The Woman in Me is the second studio album by Canadian country singer-songwriter Shania Twain and her first to be produced by long-time collaborator and then-husband Robert John "Mutt" Lange. Released on February 7, 1995, it went on to become her biggest-selling recording at the time, selling 4 million copies by the end of the year, and was eventually certified 12× Platinum by the RIAA on December 1, 2000, for 12 million shipments throughout the United States. The album has sold an estimated 20 million copies worldwide. It was ranked number 8 on CMT's list of 40 Greatest Albums in Country Music in 2006. The album is credited with having influenced the sound of contemporary country music. Eight singles were released from the album for its promotion, including "Whose Bed Have Your Boots Been Under?", "Any Man of Mine", "(If You're Not in It for Love) I'm Outta Here!" and "You Win My Love", with each accompanied by a music video.

Background
By 1993, Shania Twain was promoting her self-titled debut album by singing at local gigs in the United States with little more than a backing track CD. While the album itself did not perform well in the charts, it attracted the attention of rock producer Robert John "Mutt" Lange, and the pair began having long-distance telephone conversations with each other. They bonded over Twain's love of rock music and Lange's love of American country music. After meeting with him at the CMA Music Festival/Fan Fair in June 1993, they began exchanging song ideas with each other and started doing songwriting together. During this time, they developed a romance that culminated in their wedding on December 28, 1993.

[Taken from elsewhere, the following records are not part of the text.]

(* Let $$A=\bigoplus_{i\in I}B(H_{\mathrm{in},i}),\quad B=\bigoplus_{j\in J}B(H_{\mathrm{out},j}),\quad C=\bigoplus_{k\in K}B(K_{\mathrm{in},k}),\quad D=\bigoplus_{l\in L}B(K_{\mathrm{out},l}),$$ and let $\mathcal S:\underline{\mathrm{Hom}}(A,B)\to\underline{\mathrm{Hom}}(C,D)$ be a deterministic supermap. Then there exists a unital completely positive map $\mathcal N:A\to C$ such that, for every positive $\rho\in C$ with $\mathrm{Tr}(\rho)=1$, $$\mathcal S_*(1_D\boxtimes\rho)=1_B\boxtimes\mathcal N_*(\rho).$$ Here $\mathcal S_*$ and $\mathcal N_*$ are the duals of $\mathcal S$ and $\mathcal N$.
   Context: Throughout, all Hilbert spaces are finite-dimensional and nonzero, and all index sets are finite and nonempty. **Multimatrix algebras.** A finite-dimensional $C^*$-algebra is written as $A=\bigoplus_{i\in I}B(H_i)$, with elements $X=(X_i)_{i\in I}$. Its trace is $\mathrm{Tr}(X)=\sum_i\mathrm{Tr}(X_i)$, and $X\ge 0$ means every block is positive semidefinite. **The algebra $\underline{\mathrm{Hom}}$ and (TP).** For $A=\bigoplus_{i\in I}B(H_i)$ and $B=\bigoplus_{j\in J}B(K_j)$, set $$\underline{\mathrm{Hom}}(A,B):=\bigoplus_{(j,i)\in J\times I}B(K_j\otimes H_i).$$ An element $X\in\underline{\mathrm{Hom}}(A,B)$ satisfies **(TP)** if $\sum_{j\in J}\mathrm{Tr}_{K_j}(X_{ji})=1_{H_i}$ for every $i\in I$. These positive (TP) elements are exactly the Choi operators of the channels (CPTP maps) $A\to B$. **Notation.** For $\rho=(\rho_i)_i\in A$, write $1_B\boxtimes\rho:=(1_{K_j}\otimes\rho_i)_{(j,i)}\in\underline{\mathrm{Hom}}(A,B)$. **Deterministic supermaps.** A deterministic supermap is a completely positive linear map $\mathcal S:\underline{\mathrm{Hom}}(A,B)\to\underline{\mathrm{Hom}}(C,D)$ sending every positive element satisfying (TP) to an element satisfying (TP). **Duals.** For a linear map $\Phi:\mathcal A\to\mathcal B$ between such algebras, the dual $\Phi_*:\mathcal B\to\mathcal A$ is the unique linear map with $$\mathrm{Tr}(\Phi_*(y)\,x)=\mathrm{Tr}(y\,\Phi(x))\quad\text{for all } x\in\mathcal A,\ y\in\mathcal B.$$ If $\Phi$ is CP then $\Phi_*$ is CP. A CP map $\Phi$ is unital iff $\Phi_*$ is trace-preserving. *)

From HB Require Import structures.
From mathcomp Require Import all_boot all_order all_algebra.
From mathcomp Require Import algC.
From mathcomp Require Import mxtens.
Set Implicit Arguments. Unset Strict Implicit. Unset Printing Implicit Defensive.
Import Order.TTheory GRing.Theory Num.Theory.
Local Open Scope ring_scope.

(* Scalars: algC (algebraic complex numbers), a numClosedFieldType; its
   order  0 <= z  means "z is real and nonnegative".                        *)

(* Multimatrix algebra  A = (+)_{i in I} B(C^{d i}) : elements X = (X_i)_i *)
Definition alg (I : finType) (d : I -> nat) := forall i : I, 'M[algC]_(d i).

Section Ops.
Variables (I : finType) (d : I -> nat).
Definition addA (x y : alg d) : alg d := fun i => x i + y i.
Definition scaleA (a : algC) (x : alg d) : alg d := fun i => a *: x i.
Definition mulA (x y : alg d) : alg d := fun i => x i *m y i.
Definition oneA : alg d := fun i => 1%:M.
Definition trA (x : alg d) : algC := \sum_i \tr (x i).
End Ops.

Definition psd n (M : 'M[algC]_n) : Prop :=
  forall v : 'cV[algC]_n, 0 <= ((map_mx Num.conj v)^T *m M *m v) 0 0.

Definition posA (I : finType) (d : I -> nat) (x : alg d) : Prop :=
  forall i, psd (x i).

(* Hilbert space tensor product K (x) H of dims m, n is C^(m*n) with the
   basis ordering mxtens_index (k, h); HomA(A,B)_(j,i) = B(K_j (x) H_i). *)
Definition homd (J I : finType) (dB : J -> nat) (dA : I -> nat) (p : J * I) : nat :=
  dB p.1 * dA p.2.

Definition HomA (I J : finType) (dA : I -> nat) (dB : J -> nat) :=
  alg (homd dB dA).

Definition ptrace1 m n (X : 'M[algC]_(m * n)) : 'M[algC]_n :=
  \matrix_(a, b) \sum_(k < m) X (mxtens_index (k, a)) (mxtens_index (k, b)).

Definition TP (I J : finType) (dA : I -> nat) (dB : J -> nat)
  (X : HomA dA dB) : Prop :=
  forall i : I, \sum_(j : J) (ptrace1 (X (j, i) : 'M_(dB j * dA i)) : 'M_(dA i)) = 1%:M.

Definition boxt (I J : finType) (dA : I -> nat) (dB : J -> nat)
  (rho : alg dA) : HomA dA dB :=
  fun p => tensmx (1%:M : 'M[algC]_(dB p.1)) (rho p.2).

Definition linA (I J : finType) (dA : I -> nat) (dB : J -> nat)
  (f : alg dA -> alg dB) : Prop :=
  forall (a : algC) (x y : alg dA), f (addA (scaleA a x) y) = addA (scaleA a (f x)) (f y).

(* M_n(A) = (+)_i B(C^n (x) C^{d i}); block (a,b) of X in M_n(A) *)
Definition blk (I : finType) (d : I -> nat) (n : nat)
  (X : alg (fun i => n * d i)) (a b : 'I_n) : alg d :=
  fun i => \matrix_(r, s) X i (mxtens_index (a, r)) (mxtens_index (b, s)).

(* amplification  id_{M_n} (x) f *)
Definition ampl (I J : finType) (dA : I -> nat) (dB : J -> nat)
  (f : alg dA -> alg dB) (n : nat) (X : alg (fun i => n * dA i)) :
  alg (fun j => n * dB j) :=
  fun j => \matrix_(u, v)
    f (blk X (mxtens_unindex u).1 (mxtens_unindex v).1) j
      (mxtens_unindex u).2 (mxtens_unindex v).2.

Definition CP (I J : finType) (dA : I -> nat) (dB : J -> nat)
  (f : alg dA -> alg dB) : Prop :=
  linA f /\ forall (n : nat) (X : alg (fun i => n * dA i)),
    posA X -> posA (ampl f X).

Definition unital (I J : finType) (dA : I -> nat) (dB : J -> nat)
  (f : alg dA -> alg dB) : Prop := f (oneA dA) = oneA dB.

Definition det_supermap (I J K L : finType) (dA : I -> nat) (dB : J -> nat)
  (dC : K -> nat) (dD : L -> nat) (S : HomA dA dB -> HomA dC dD) : Prop :=
  CP S /\ forall X : HomA dA dB, posA X -> TP X -> TP (S X).

Definition is_dual (I J : finType) (dA : I -> nat) (dB : J -> nat)
  (f : alg dA -> alg dB) (g : alg dB -> alg dA) : Prop :=
  forall (x : alg dA) (y : alg dB), trA (mulA (g y) x) = trA (mulA y (f x)).

(* Take N := PTr o S o E, where E x := (1_B / dim B) [x] x and PTr is the partial
   trace over the outputs, so that PTr o E = id.  N is CP as a composite of CP maps,
   and unital because E 1 is a channel.  By duality, both sides of the claimed
   identity are determined by the functionals X |-> Tr(rho PTr(S X)) and
   X |-> Tr(N_*(rho) PTr X) = Tr(rho PTr(S (E (PTr X)))), so it suffices that the
   linear functional phi X := Tr(rho PTr(S X)) kills every X with PTr X = 0.  Now phi
   is 1 on all channels, and E 1 is a positive multiple of the identity, so
   E 1 + s H is still a channel for every hermitian H with PTr H = 0 and small s > 0;
   hence phi H = 0, and a general X with PTr X = 0 is a combination of two such H. *)

From HB Require Import structures.
From mathcomp Require Import all_boot all_order all_algebra.
From mathcomp Require Import algC mxtens ring.
From Stdlib Require Import FunctionalExtensionality.
Set Implicit Arguments. Unset Strict Implicit. Unset Printing Implicit Defensive.
Import Order.TTheory GRing.Theory Num.Theory.
Local Open Scope ring_scope.

Lemma sumr_only (V : nmodType) (T : finType) (k : T) (F : T -> V) :
  (forall k', k' != k -> F k' = 0) -> \sum_k' F k' = F k.
Proof. by move=> h; rewrite (bigD1 k) //= big1 ?addr0. Qed.
Arguments sumr_only {V T} k [F].

Lemma big_mxtens_index (V : nmodType) m n (F : 'I_(m * n) -> V) :
  \sum_u F u = \sum_a \sum_b F (mxtens_index (a, b)).
Proof.
rewrite pair_bigA /= (reindex (@mxtens_index m n)) /=; last first.
  by exists (@mxtens_unindex m n) => x _; rewrite (mxtens_indexK, mxtens_unindexK).
by apply: eq_bigr => -[a b].
Qed.

Lemma big_mxtens_index3 (V : nmodType) m n p (F : 'I_(m * (n * p)) -> V) :
  \sum_u F u = \sum_a \sum_k \sum_r F (mxtens_index (a, mxtens_index (k, r))).
Proof. by rewrite big_mxtens_index; apply: eq_bigr => a _; rewrite big_mxtens_index. Qed.

Lemma tensmx11 m n : (1%:M : 'M[algC]_m) *t (1%:M : 'M[algC]_n) = 1%:M.
Proof.
apply/matrixP => u v.
case: (mxtens_indexP u) => a b; case: (mxtens_indexP v) => c d.
rewrite tensmxE !mxE (can_eq (@mxtens_indexK m n)) xpair_eqE.
by case: (a == c); case: (b == d); rewrite ?mulr1 ?mulr0.
Qed.

Lemma tensmx1D m n (c : algC) (x y : 'M[algC]_n) :
  (1%:M : 'M[algC]_m) *t (c *: x + y) = c *: (1%:M *t x) + 1%:M *t y.
Proof.
apply/matrixP => u v.
case: (mxtens_indexP u) => a b; case: (mxtens_indexP v) => a' b'.
by rewrite !mxE !mxtens_indexK /= mulrDr mulrCA.
Qed.

Section PartialTrace.
Variables m n : nat.
Implicit Types X Y : 'M[algC]_(m * n).

Lemma ptrace1D X Y : ptrace1 (X + Y) = ptrace1 X + ptrace1 Y.
Proof. by apply/matrixP => a b; rewrite !mxE -big_split; apply: eq_bigr => k _; rewrite mxE. Qed.

Lemma ptrace1Z (c : algC) X : ptrace1 (c *: X) = c *: ptrace1 X.
Proof. by apply/matrixP => a b; rewrite !mxE mulr_sumr; apply: eq_bigr => k _; rewrite mxE. Qed.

It was at this time that Twain was pressed by her record company to return to the studio to start putting together her second album. Twain admitted in her From This Moment On memoir that although she was initially reluctant to do so, she told Luke Lewis that she had co-written some songs with Lange, and he agreed to let her record some demos for her album, even though he feared that Twain would deviate too much from the Nashville sound. Twain and Lange continued their songwriting after their wedding and in early 1994, constructed a demo tape produced by Lange of some of their songs which was played to record executives for the first time at Morin Heights Studio. Although some executives were worried because the "less country" sound was different from Twain's debut, Lewis decided to let Twain continue her collaboration with Lange, and hired Lange as the primary producer of the album.

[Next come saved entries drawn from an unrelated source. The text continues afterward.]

(* For all integers $b,k\ge0$ and $i\in\{1,2,\dots,b-1\}$, $$\sum_{a=0}^{k}\frac{[a+i-1]!\,[b-i+a-1]!}{[a]!\,[a+b]!}=\frac{1}{[i]\,[b-i]}\cdot\frac{[i+k]!\,[b+k-i]!}{[k]!\,[b+k]!},$$ as an identity of rational functions of $q$.
   Context: For an indeterminate (or complex number) $q$ and $m\in\mathbb{Z}$, $[m]=\frac{q^m-q^{-m}}{q-q^{-1}}$ is the quantum integer and $[m]!=[1][2]\cdots[m]$, $[0]!=1$. *)

From mathcomp Require Import all_boot all_order all_algebra.
Set Implicit Arguments. Unset Strict Implicit. Unset Printing Implicit Defensive.
Import Order.TTheory GRing.Theory Num.Theory.
Local Open Scope ring_scope.

Definition RatFun : fieldType := {fraction {poly rat}}.

Definition qvar : RatFun := tofrac ('X : {poly rat}).

Definition qint (F : fieldType) (q : F) (m : int) : F :=
  (q ^ m - q ^ (- m)) / (q - q^-1).

Definition qfact (F : fieldType) (q : F) (n : nat) : F :=
  \prod_(1 <= j < n.+1) qint q j%:Z.

From mathcomp Require Import all_boot all_order all_algebra.
From mathcomp Require Import ring zify.
Import Order.TTheory GRing.Theory Num.Theory.
Local Open Scope ring_scope.

(* Writing i = m + 1 and b - i = n + 1, induct on k: the right-hand side
   R_k telescopes, since R_(k+1) - R_k is the (k+1)-st summand by the
   quantum-integer identity [m+k+2][n+k+2] = [k+1][m+n+k+3] + [m+1][n+1].
   This holds in any field at any q that is not a root of unity, which
   keeps all quantum integers [j], j > 0, invertible. *)

Section QInt.
Variables (F : fieldType) (q : F).
Hypothesis q_neq0 : q != 0.

Lemma qint_addMaddE (x y k : int) :
  qint q (x + k) * qint q (y + k)
  = qint q k * qint q (x + y + k) + qint q x * qint q y.
Proof.
have [d0 | d_neq0] := eqVneq (q - q^-1) 0.
  (* q = q^-1: every [m] is 0, because division by 0 returns 0. *)
  by rewrite /qint d0 !invr0 !mulr0 addr0.
rewrite /qint !opprD !expfzDr // -!invr_expz.
have := expfz_neq0 x q_neq0; have := expfz_neq0 y q_neq0.
have := expfz_neq0 k q_neq0.
move: (q ^ x) (q ^ y) (q ^ k) => X Y K K0 Y0 X0.
have qq_neq1 : q * q - 1 != 0 by rewrite -(mulfV q_neq0) -mulrBr mulf_neq0.
by field; rewrite q_neq0 qq_neq1 X0 Y0 K0.
Qed.

Lemma qfact0 : qfact q 0 = 1.
Proof. by rewrite /qfact big_geq. Qed.

Lemma qfactS n : qfact q n.+1 = qfact q n * qint q n.+1%:Z.
Proof. by rewrite /qfact big_nat_recr. Qed.

Hypothesis q_not_root1 : forall n, (0 < n)%N -> q ^+ n != 1.

Lemma qint_neq0 n : (0 < n)%N -> qint q n%:Z != 0.
Proof.
move=> n_gt0; have qn_neq0 : q ^+ n != 0 by rewrite expf_neq0.
have q2n_neq1 : q ^+ (n + n) != 1 by rewrite q_not_root1 // addn_gt0 n_gt0.
have q2_neq1 : q ^+ 2 != 1 by rewrite q_not_root1.
rewrite /qint -!invr_expz -exprnP mulf_neq0 ?invr_eq0 // subr_eq0.
- by apply: contra q2n_neq1 => /eqP qnE; rewrite exprD {2}qnE mulfV.
- by apply: contra q2_neq1 => /eqP qE; rewrite expr2 {2}qE mulfV.
Qed.

Lemma qfact_neq0 n : qfact q n != 0.
Proof.
elim: n => [|n IHn]; first by rewrite qfact0 oner_eq0.
by rewrite qfactS mulf_neq0 // qint_neq0.
Qed.

Lemma sum_qfact_ratio (m n k : nat) :
  \sum_(0 <= a < k.+1)
     qfact q (a + m) * qfact q (a + n) / (qfact q a * qfact q (a + m + n).+2)
  = (qint q m.+1%:Z * qint q n.+1%:Z)^-1
    * (qfact q (m + k).+1 * qfact q (n + k).+1
       / (qfact q k * qfact q (m + n + k).+2)).
Proof.
have [m1 n1] := (@qint_neq0 m.+1 isT, @qint_neq0 n.+1 isT).
elim: k => [|k IHk].
  rewrite big_nat1 !add0n !addn0 qfact0 [qfact q m.+1]qfactS [qfact q n.+1]qfactS.
  by field; rewrite m1 n1 qfact_neq0.
rewrite big_nat_recr //= IHk !addnS !addSn (addnC k m) (addnC k n) (addnAC m k n).
have recE := qint_addMaddE m.+1%:Z n.+1%:Z k.+1%:Z.
rewrite -!PoszD !addSn !addnS !addSn in recE.
rewrite [qfact q (m + k).+2]qfactS [qfact q (n + k).+2]qfactS.
rewrite [X in _ = _ * (X / _)]mulrACA recE.
rewrite [qfact q k.+1]qfactS [qfact q (m + n + k).+3]qfactS.
have [k1 mnk1] := (@qint_neq0 k.+1 isT, @qint_neq0 (m + n + k).+3 isT).
by field; rewrite m1 n1 k1 mnk1 !qfact_neq0.
Qed.

End QInt.

Lemma qvar_neq0 : qvar != 0.
Proof. by rewrite tofrac_eq0 polyX_eq0. Qed.

Lemma qvar_not_root1 n : (0 < n)%N -> qvar ^+ n != 1.
Proof.
move=> n_gt0; rewrite /qvar -tofracXn -tofrac1 tofrac_eq.
apply: contraTneq n_gt0 => /(congr1 (fun p : {poly rat} => size p)).
by rewrite size_polyXn size_poly1 => -[->].
Qed.

Theorem lemmaA7 (b k i : nat) (hi1 : (1 <= i)%N) (hib : (i <= b - 1)%N) :
  \sum_(0 <= a < k.+1)
     (qfact qvar (a + i - 1) * qfact qvar (b - i + a - 1))
     / (qfact qvar a * qfact qvar (a + b))
  = (qint qvar i%:Z * qint qvar (b - i)%:Z)^-1
    * ((qfact qvar (i + k) * qfact qvar (b + k - i))
       / (qfact qvar k * qfact qvar (b + k))).
Proof.
case: i hi1 hib => [//|m] _ hib.
have [n ->] : exists n, b = (m + n).+2 by exists (b - m.+2)%N; lia.
have idxE a : [/\ (a + m.+1 - 1 = a + m)%N, ((m + n).+2 - m.+1 + a - 1 = a + n)%N
                & (a + (m + n).+2 = (a + m + n).+2)%N] by split; lia.
under eq_bigr => a _ do case: (idxE a) => -> -> ->.
have -> : ((m + n).+2 - m.+1 = n.+1)%N by lia.
have -> : (m.+1 + k = (m + k).+1)%N by lia.
have -> : ((m + n).+2 + k - m.+1 = (n + k).+1)%N by lia.
have -> : ((m + n).+2 + k = (m + n + k).+2)%N by lia.
exact: sum_qfact_ratio qvar_neq0 qvar_not_root1 m n k.
Qed.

Composition and single releases
"Whose Bed Have Your Boots Been Under?", a country-flavored song about a woman confronting her lover about his frequent infidelity, was released as the first single from the album. Originally, Twain wanted "Any Man of Mine", a song containing both heavy rock and heavy country influences, to be the first single, but was persuaded to change her mind and go with the safer option. While "Whose Bed Have Your Boots Been Under?" slowly gained some attention on the country charts, it was "Any Man of Mine" which gave Twain her first country Top 10 and Number 1 hit, as well as her first appearance on the Billboard Hot 100, peaking at number 31. The third single is Twain's sentimental ballad and the title track "The Woman in Me (Needs the Man in You)", and became her first adult contemporary hit, accompanied by a video shot in Egypt. It also peaked at number 74 on the Billboard Hot 100.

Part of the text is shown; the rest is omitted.